Die Katharerbewegung hatte sowohl in Südfrankreich, als auch in Italien, im Rheinland und in Flandern einen solchen Zulauf (es befanden sich auch viele Adlige und zahlreiche Mönche und Kleriker unter ihren Anhängern), daß bereits im Jahr 1119 Papst Calixtus II. in Toulouse die Ketzer im Land anklagte und exkommunizierte. Doch die Katharer ignorierten die Verurteilung – sie erkannten Rom nicht als Autorität an - und viele Menschen ließen sich nicht aufhalten zu konvertieren.

Zu diesem frühen Zeitpunkt der Auseinandersetzungen geschah den Ketzern außer der Exkommunikation jedoch kein Unrecht. Es war die Zeit des Redens, des Anklagens, aber noch nicht die des Handelns und der Verfolgung.

1135

Scheiterhaufen in Liége. Erste Erwähnung katharischer Gemeinschaften mit einer bischöflichen Hierarchie.

1145

Missionszug Bernhard v. Clairvaux` in das Gebiet von Toulouse und Albi. Bernhard verflucht den Ort Verfeil. Der Missionszug scheitert.

1157

Konzil in Reims gegen die Häresie.

1163

Scheiterhaufen in Köln.

1165

Bedeutende Konferenz der Katharer und Katholiken in Lombers, in der Nähe von Albi.

Der Benediktiner Ekbert (+ 1185) verfaßt dreizehn „Sermones adversus Catharorum Errores“, da viele katholische Priester gar nicht wußten, was es mit der Ketzerei auf sich hatte, und wie sich der Katharer vom Katholiken unterschied. Erstmals werden die Lehren der Katharer und der Katholiken gegenüberstellte.

1167

Zwei Jahre später (1167) spitzte sich die Angelegenheit erneut zu: Katharerkonzil in St. Felix-de-Caraman, im Lauragais. Die Katharer legten auf ihrem Konzil den „Grundstein ihres Wirkens als Kirche“ fest und schlugen sich auf die radikal-dualistische Seite ihrer Bewegung, was sich unter anderem auch in der Ablehnung des Eides, Verurteilung der Todesstrafe, Verwerfung des Fegfeuers, der Ablässe, Reliquien und Heiligenbilder niederschlug. Ordination von vier katharischen Bischöfen unter Anwesenheit von Bischof Niketas aus Bulgarien. Ausweitung der katharischen Kirche in Frankreich. Erstmals wurden sogenannte filii mayor und filii minor eingesetzt, Vertreter der jeweiligen Bischöfe.

Zu diesem Konzil, bei dem auch die Abgrenzung der katharischen Kirchenprovinzen festgelegt wurde, war kein Geringerer als Bischof Niketas von Konstantinopel angereist, sowie alle katharischen Bischöfe aus Nordfrankreich und der Lombardei.

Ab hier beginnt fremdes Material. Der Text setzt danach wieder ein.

(* If a has Schmidt coefficients s, then |sum_(l < r) a_ll| <= sum_j s_j: writing
   a = P^* b with P unitary diagonalising a a^*, the squared row norms of b are the
   eigenvalues of a a^* (the s_j^2, padded with zeros), and Cauchy-Schwarz applies row
   by row.  For (k + th)-admissible unit vectors an elementary estimate gives
   (sum_j s_j)^2 <= g(th) := (k + th)^2 / (k + th^2), with equality for coefficients
   proportional to (1, ..., 1, th), and g increases strictly on [0, 1] from k to k + 1.
   Hence W_th := g(th) Id - omega omega^*, with omega = sum_(l <= k) e_l (x) f_l, is
   block positive on V_(k + th), whereas the vector with coefficients proportional to
   (1, ..., 1, tau) lies in V_(k + tau) and has <psi, W_th psi> = g(th) - g(tau) < 0 for
   th < tau.  The pairs (th, tau) = (0, theta) and (theta, 1) separate both steps of the
   chains of V's and of BP's and, as X |-> tr (W X) is continuous and nonnegative on the
   cone, of the K's too. *)
From Pilot Require Import Defs.
From mathcomp Require Import all_boot all_order all_algebra.
From mathcomp Require Import classical_sets reals complex.
From mathcomp Require Import ring lra.

Set Implicit Arguments.
Unset Strict Implicit.
Unset Printing Implicit Defensive.

Import Order.TTheory GRing.Theory Num.Theory.
Local Open Scope ring_scope.
Local Open Scope sesquilinear_scope.
Local Open Scope complex_scope.

Lemma sqr_sum_mul_le (F : numDomainType) (I : finType) (x y : I -> F) :
  (forall i, x i \is Num.real) -> (forall i, y i \is Num.real) ->
  (\sum_i x i * y i) ^+ 2 <= (\sum_i x i ^+ 2) * (\sum_i y i ^+ 2).
Proof.
move=> xR yR; rewrite -subr_ge0 -(pmulr_rge0 _ (ltr0n F 2)).
have -> : 2%:R * ((\sum_i x i ^+ 2) * (\sum_i y i ^+ 2) - (\sum_i x i * y i) ^+ 2) =
    \sum_i \sum_j (x i * y j - x j * y i) ^+ 2.
  transitivity ((\sum_i x i ^+ 2) * (\sum_j y j ^+ 2) + (\sum_i y i ^+ 2) * (\sum_j x j ^+ 2)
      - 2%:R * ((\sum_i x i * y i) * (\sum_j x j * y j))); first ring.
  rewrite !big_distrlr /= -big_split mulr_sumr -sumrB; apply: eq_bigr => i _.
  by rewrite -big_split mulr_sumr -sumrB; apply: eq_bigr => j _ /=; ring.
apply: sumr_ge0 => i _; apply: sumr_ge0 => j _.
by rewrite real_exprn_even_ge0 // realB // realM.
Qed.

Lemma ler_sum_widen (F : numDomainType) p q (lepq : (p <= q)%N) (f : 'I_q -> F) :
  (forall i, 0 <= f i) -> \sum_(i < p) f (widen_ord lepq i) <= \sum_(i < q) f i.
Proof.
move=> f0; rewrite -(big_ord_narrow lepq) [leRHS](bigID (fun i : 'I_q => (i < p)%N)) /=.
by rewrite lerDl sumr_ge0.
Qed.

Lemma sumr_ord_trunc (V : nmodType) (F : nat -> V) p q : (p <= q)%N ->
  (forall j, (p <= j)%N -> F j = 0) -> \sum_(j < q) F j = \sum_(j < p) F j.
Proof.
move=> lepq F0; rewrite -!(big_mkord xpredT) (big_cat_nat (leq0n p) lepq) /=.
by rewrite [X in _ + X]big_nat_cond [X in _ + X]big1 ?addr0 // => j /andP[/andP[/F0 ->]].
Qed.

Lemma char_poly_similar (F : fieldType) p (P A : 'M[F]_p) : P \in unitmx ->
  char_poly (invmx P *m A *m P) = char_poly A.
Proof.
move=> Pu; rewrite /char_poly /char_poly_mx !map_mxM map_invmx.
set P' := map_mx polyC P; have P'u : P' \in unitmx by rewrite map_unitmx.
have -> : 'X%:M - invmx P' *m map_mx polyC A *m P' =
    invmx P' *m ('X%:M - map_mx polyC A) *m P'.
  by rewrite mulmxBr mulmxBl mul_mx_scalar -scalemxAl mulVmx // scalemx1.
by rewrite !det_mulmx mulrAC -det_mulmx mulVmx // det1 mul1r.
Qed.

Lemma unitarymx_row_norm (C : numClosedFieldType) p q (P : 'M[C]_(p, q)) i :
  P \is unitarymx -> \sum_j `|P i j| ^+ 2 = 1.
Proof.
move=> /unitarymxP /matrixP /(_ i i); rewrite !mxE eqxx mulr1n => <-.
by apply: eq_bigr => j _; rewrite !mxE normCK.
Qed.

Section SchmidtCoefficients.
Variables (R : realType) (n m : nat).
Local Notation C := R[i].
Implicit Types a : 'M[C]_(n, m).

Definition gram a : 'M[C]_n := a *m a^t*.

Lemma gramE a : a *m (map_mx conjc a)^T = gram a.
Proof. by congr (_ *m _); apply/matrixP => i j; rewrite !mxE; case: (a j i). Qed.

Lemma gram_normal a : gram a \is normalmx.
Proof. by rewrite qualifE /gram trmx_mul map_mxM trmxCK. Qed.

Lemma gram_spectral a : gram a =
  invmx (spectralmx (gram a)) *m diag_mx (spectral_diag (gram a)) *m spectralmx (gram a).
Proof. exact/orthomx_spectralP/gram_normal. Qed.

Lemma sum_gram_eigenvalues a (s : nat -> R) (F : C -> C) : schmidt_coeffs a s -> F 0 = 0 ->
  \sum_i F (spectral_diag (gram a) 0 i) = \sum_(j < minn n m) F (s j ^+ 2)%:C.
Proof.
move=> [_ _ _ chi] F0; set lam := spectral_diag (gram a).
have : perm_eq [seq lam 0 i | i <- index_enum 'I_n]
    ([seq (s j ^+ 2)%:C | j <- index_iota 0 (minn n m)] ++ nseq (n - minn n m) 0).
  apply: prod_XsubC_eq; rewrite big_cat !big_map big_nseq subr0 iter_mulr_1 /= big_mkord.
  rewrite -chi gramE gram_spectral char_poly_similar ?spectral_unit //.
  by rewrite char_poly_trig ?diag_mx_is_trig //; apply: eq_bigr => i _; rewrite mxE eqxx.
move=> lamE; rewrite -(big_map (fun i => lam 0 i) xpredT F) (perm_big _ lamE).
rewrite big_cat /= [X in _ + X]big1_seq ?addr0 ?big_map ?big_mkord //.
by move=> x /andP[_ /nseqP[-> _]].
Qed.

Lemma sum_sqr_norm_schmidt a (s : nat -> R) : schmidt_coeffs a s ->
  \sum_(i < n) \sum_(j < m) a i j * (a i j)^* = (\sum_(j < minn n m) s j ^+ 2)%:C.
Proof.
move=> sa; rewrite rmorph_sum -(sum_gram_eigenvalues (F := id) sa) //.
transitivity (\tr (gram a)).
  by apply: eq_bigr => i _; rewrite mxE; apply: eq_bigr => j _; rewrite !mxE.
by rewrite {1}gram_spectral -mulmxA mxtrace_mulC mulmxK ?spectral_unit // mxtrace_diag.
Qed.

Lemma unit_vec_schmidt a (s : nat -> R) : schmidt_coeffs a s ->
  unit_vec a <-> \sum_(j < minn n m) s j ^+ 2 = 1.
Proof.
move=> sa; rewrite /unit_vec (sum_sqr_norm_schmidt sa) -(rmorph1 (real_complex R)).
by split=> [/fmorph_inj|->].
Qed.

Lemma schmidt_coeffs_ge0 a (s : nat -> R) : schmidt_coeffs a s -> forall j, 0 <= s j.
Proof. by case=> s_ge0 _ s0 _ j; have [/s_ge0 //|/s0 ->] := ltnP j (minn n m). Qed.

Lemma spectral_diag_gram a i : spectral_diag (gram a) 0 i =
  \sum_j `|(spectralmx (gram a) *m a) i j| ^+ 2.
Proof.
set P := spectralmx (gram a); have Pu : P \is unitarymx := spectral_unitarymx _.
have : (P *m a) *m (P *m a)^t* = diag_mx (spectral_diag (gram a)).
  rewrite trmx_mul map_mxM mulmxA -(mulmxA P) -/(gram a) {1}gram_spectral -/P.
  by rewrite invmx_unitary // !mulmxA (unitarymxP Pu) mul1mx mulmxtVK.
move=> /matrixP /(_ i i); rewrite !mxE eqxx mulr1n => <-.
by apply: eq_bigr => j _; rewrite !mxE normCK.
Qed.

Niketas gab später Anlaß zu Spekulationen, weil er sich angeblich als katharischer „Papst“ bezeichnet hätte. Es war jedoch nur der Name „Pope“, also Priester, den er sich zugelegt hatte.

Die Katharer, die niemals daran gedacht hatten, ihren Glauben gewaltsam auszubreiten, hatten nun eine eigene, unabhängige Kirche gegründet. Wie ein Lauffeuer verbreitete sich diese Provokation im ganzen Land.

Zu Beginn des 13. Jahrhunderts war die Katharische Kirche im Süden Frankreichs bereits so fest etabliert, daß sie kurz davor stand, die Katholische Kirche in dieser Region zu entmachten. Papst Innozenz III. war entsetzt und schrieb: „... sie haben den größten Teil der Bevölkerung erfaßt!“ Und es war sicherlich keine Übertreibung, als Caesarius Heisterbacensis (1851) über sie sagte: „So stark wurde die Ketzerei der Albigenser, daß sie in kurzer Zeit an die tausend Städte ansteckte, und wenn sie nicht mit dem Schwert der Gläubigen eingedämmt worden wäre, glaube ich, sie hätte ganz Europa verdorben.“

Heute schätzt man, daß sich etwa ½ Million Gläubige zu den Katharern zählten. Der katholischen Kirche liefen also die Schäflein in Scharen davon.

1181

Papst Alexander III. ruft zum ersten Kreuzzug auf, unter der Leitung von Heinrich von Clairvaux. Der Kreuzzug erweist sich als Fehlschlag.

1198

Neuer Papst in Rom: Innozenz III. Er klagt die Ketzer an.